Les deux photographes italiens de l’agence Magnum  nous offre un impressionnant reportage sur le Congo. Un voyage émouvant à travers les villes, les campagnes, les forêts et les cours d’eau du Congo… Paysages, portraits, scènes du quotidien, de jour comme de nuit se succèdent avec intelligence avec une mise en espace et un accrochage très réussis…

On ne peut que reproduire cet extrait du texte d’Alain Mabanckou qui introduit l’exposition : « Alex Majoli et Paolo Pellegrin confirment que la vraie photographie est, au fond, celle qui redonne une existence autonome ou un sens particulier à ce qui nous paraît lointain, voire sans intérêt. La vraie photographie sait composer avec la pudeur sans pour autant s’adonner à l’autocensure. C’est ce juste milieu que l’on ressent dans ce travail. Le résultat ne trompe pas : l’émotion est présente, et elle est souvent poignante ».
S’il n’y a qu’une exposition à voir, c’est celle-là !

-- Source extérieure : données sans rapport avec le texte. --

(* Let $I\subset S$ be a squarefree monomial ideal generated by monomials of degree at least $2$, and let $k\ge 0$. Then $I$ is $k$-clean if and only if its Alexander dual $I^\vee$ is a $k$-decomposable monomial ideal.
   Context: $S=K[x_1,\dots,x_n]$, $K$ a field. Every such $I$ equals $I_\Delta$ (Stanley–Reisner ideal, generated by $\prod_{i\in F}x_i$ for non-faces $F$) for a simplicial complex $\Delta$ on $[n]$; its Alexander dual is $I^\vee=I_{\Delta^\vee}$ where $\Delta^\vee=\{F\subseteq[n]:[n]\setminus F\notin\Delta\}$. For a monomial $u=x_1^{a_1}\cdots x_n^{a_n}$, $\mathrm{supp}(u)=\{i:a_i>0\}$; $G(I)$ is the minimal monomial generating set. For an ideal $I$, $\min(I)$ is the set of minimal primes of $I$. A monomial $u\neq 1$ with $u\notin I$ is a cleaner monomial of $I$ if $\min(I+Su)\subseteq\min(I)$. For $k\ge 0$, the class of $k$-clean monomial ideals is defined recursively (smallest class closed under the rule): a proper monomial ideal $I$ is $k$-clean if either $I$ is prime, or $I$ has no embedded primes and there is a cleaner monomial $u$ of $I$ with $|\mathrm{supp}(u)|\le k+1$ such that $I:u$ and $I+Su$ are $k$-clean. $k$-decomposable ideals: for monomials $v=\mathbf x^{\mathbf a}$ and $w$, write $[v,w]=1$ if $x_i^{\mathbf a(i)}\nmid w$ for all $i\in\mathrm{supp}(v)$, and $[v,w]\neq1$ otherwise; set $I^v=(w\in G(I):[v,w]\ne 1)$ and $I_v=(w\in G(I):[v,w]=1)$. A monomial $v$ is a shedding monomial of $I$ if $I_v\ne 0$ and for each $u_i\in G(I_v)$ and each $l\in\mathrm{supp}(v)$ there exists $u_j\in G(I^v)$ with $u_j:u_i=x_l$. A monomial ideal $I$ is $k$-decomposable (recursively) if $|G(I)|=1$, or $I$ has a shedding monomial $v$ with $|\mathrm{supp}(v)|\le k+1$ such that $I^v$ and $I_v$ are $k$-decomposable. *)

(* Monomial ideals of S = K[x_1..x_n] are represented
   combinatorially by the set of monomials they contain. *)
From HB Require Import structures.
From mathcomp Require Import all_boot.
Set Implicit Arguments. Unset Strict Implicit. Unset Printing Implicit Defensive.

Section MonomialIdeals.
Variable n : nat.

(* A monomial x^a is its exponent vector a : 'I_n -> nat. *)
Definition mon := {ffun 'I_n -> nat}.
Definition mideal := mon -> Prop.

Definition mone : mon := [ffun _ => 0].
Definition mmul (u v : mon) : mon := [ffun i => u i + v i].
Definition mdvd (u v : mon) : Prop := forall i, u i <= v i.
Definition supp (u : mon) : {set 'I_n} := [set i | 0 < u i].
Definition deg (u : mon) : nat := \sum_i u i.
(* x_F = prod_{i in F} x_i *)
Definition xset (F : {set 'I_n}) : mon := [ffun i => nat_of_bool (i \in F)].
Definition xvar (l : 'I_n) : mon := [ffun i => nat_of_bool (i == l)].
(* monomial colon u : w = u / gcd(u, w) *)
Definition mquot (u w : mon) : mon := [ffun i => u i - w i].

Definition is_monideal (I : mideal) : Prop := forall u v, I u -> I (mmul u v).
Definition mingen (I : mideal) (u : mon) : Prop :=
  I u /\ forall w, I w -> mdvd w u -> w = u.
Definition squarefree (I : mideal) : Prop :=
  forall u, mingen I u -> forall i, u i <= 1.
Definition proper (I : mideal) : Prop := ~ I mone.

Definition mcolon (I : mideal) (u : mon) : mideal := fun v => I (mmul u v).
Definition madd (I : mideal) (u : mon) : mideal := fun v => I v \/ mdvd u v.

Definition mprime (F : {set 'I_n}) : mideal := fun v => exists i, i \in F /\ 0 < v i.
Definition is_prime (I : mideal) : Prop :=
  exists F, forall v, I v <-> mprime F v.
Definition contains_ideal (F : {set 'I_n}) (I : mideal) : Prop :=
  forall v, I v -> mprime F v.
Definition is_minprime (I : mideal) (F : {set 'I_n}) : Prop :=
  contains_ideal F I /\
  forall G, contains_ideal G I -> G \subset F -> G = F.
Definition is_assprime (I : mideal) (F : {set 'I_n}) : Prop :=
  exists u, forall v, mcolon I u v <-> mprime F v.
Definition no_embedded (I : mideal) : Prop :=
  forall F, is_assprime I F -> is_minprime I F.

Definition cleaner (I : mideal) (u : mon) : Prop :=
  u <> mone /\ ~ I u /\
  forall F, is_minprime (madd I u) F -> is_minprime I F.

Inductive kclean (k : nat) : mideal -> Prop :=
| kclean_prime I : proper I -> is_prime I -> kclean k I
| kclean_step I u : proper I -> no_embedded I -> cleaner I u ->
    #|supp u| <= k.+1 -> kclean k (mcolon I u) -> kclean k (madd I u) ->
    kclean k I.

Definition br1 (v w : mon) : Prop := forall i, i \in supp v -> ~ (v i <= w i).
Definition upper (I : mideal) (v : mon) : mideal :=
  fun u => exists w, mingen I w /\ ~ br1 v w /\ mdvd w u.
Definition lower (I : mideal) (v : mon) : mideal :=
  fun u => exists w, mingen I w /\ br1 v w /\ mdvd w u.

Definition shedding (I : mideal) (v : mon) : Prop :=
  (exists w, lower I v w) /\
  forall ui, mingen (lower I v) ui -> forall l, l \in supp v ->
    exists uj, mingen (upper I v) uj /\ mquot uj ui = xvar l.

Inductive kdec (k : nat) : mideal -> Prop :=
| kdec_one I u : (forall w, mingen I w <-> w = u) -> kdec k I
| kdec_step I v : shedding I v -> #|supp v| <= k.+1 ->
    kdec k (upper I v) -> kdec k (lower I v) -> kdec k I.

Definition complex := {set 'I_n} -> Prop.
Definition SR (D : complex) : mideal :=
  fun u => exists F, ~ D F /\ mdvd (xset F) u.
(* Delta with I = I_Delta, for squarefree I *)
Definition complex_of (I : mideal) : complex := fun F => ~ I (xset F).
Definition alex_complex (D : complex) : complex := fun F => ~ D (~: F).
Definition alexander_dual (I : mideal) : mideal :=
  SR (alex_complex (complex_of I)).

End MonomialIdeals.

(* For squarefree I, the dual I^∨ is generated by the x_F with P_F a minimal prime of I,
   so both sides are statements about the antichain Min(I) of supports of minimal primes.
   A cleaner monomial u splits Min(I) into the sets meeting supp u, which are the minimal
   primes of I + Su, and those avoiding it, which are the minimal primes of I : u avoiding
   supp u; the inclusion Min(I + Su) ⊆ Min(I) says precisely that every avoiding F, enlarged
   by any l ∈ supp u, contains a meeting set.  For v = x_(supp u) this is the shedding
   condition in I^∨, whose ideals (I^∨)^v and (I^∨)_v are generated by the same two
   subfamilies.  So k-cleanness of I and k-decomposability of I^∨ are one and the same
   recursive decomposability of Min(I).  As I : u and I + Su need not be squarefree, the
   passage from cleanness is made for arbitrary monomial ideals, using that decomposability
   is inherited by the subfamily of sets avoiding a given set. *)

From Stdlib Require Import Classical FunctionalExtensionality PropExtensionality.
From mathcomp Require Import all_boot zify.
Set Implicit Arguments. Unset Strict Implicit. Unset Printing Implicit Defensive.

Lemma pred_ext (T : Type) (P Q : T -> Prop) : (forall x, P x <-> Q x) -> P = Q.
Proof.
by move=> PQ; apply: functional_extensionality => x; apply: propositional_extensionality.
Qed.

Pour terminer rapidement, dans la section « Étranges collectionneurs », « Vernaculaire ! » à la  chapelle de la Charité souffre d’une scénographie, d’un accrochage et d’un éclairage assez funeste qui contraste furieusement avec l’Arlésienne de Lacroix, l’an dernier…

La Fondation Luma propose « Impondérable » une exposition et un projet de recherche dédié à la collection de Tony Oursler. La proposition s’articule autour d’un film et d’un ouvrage à propos 0 d’archives  « inspirées par l’histoire de la science, l’optique, le spectacle et la religion » qui explore les systèmes de croyances nourris de surnaturel. Nous n’avons pas eu le temps de voir le film, mais la « salle d’attente » et un survol de l’ouvrage sont particulièrement attractifs. On en reparle.

On reviendra éventuellement sur la section « Émergences » traversée au pas de course.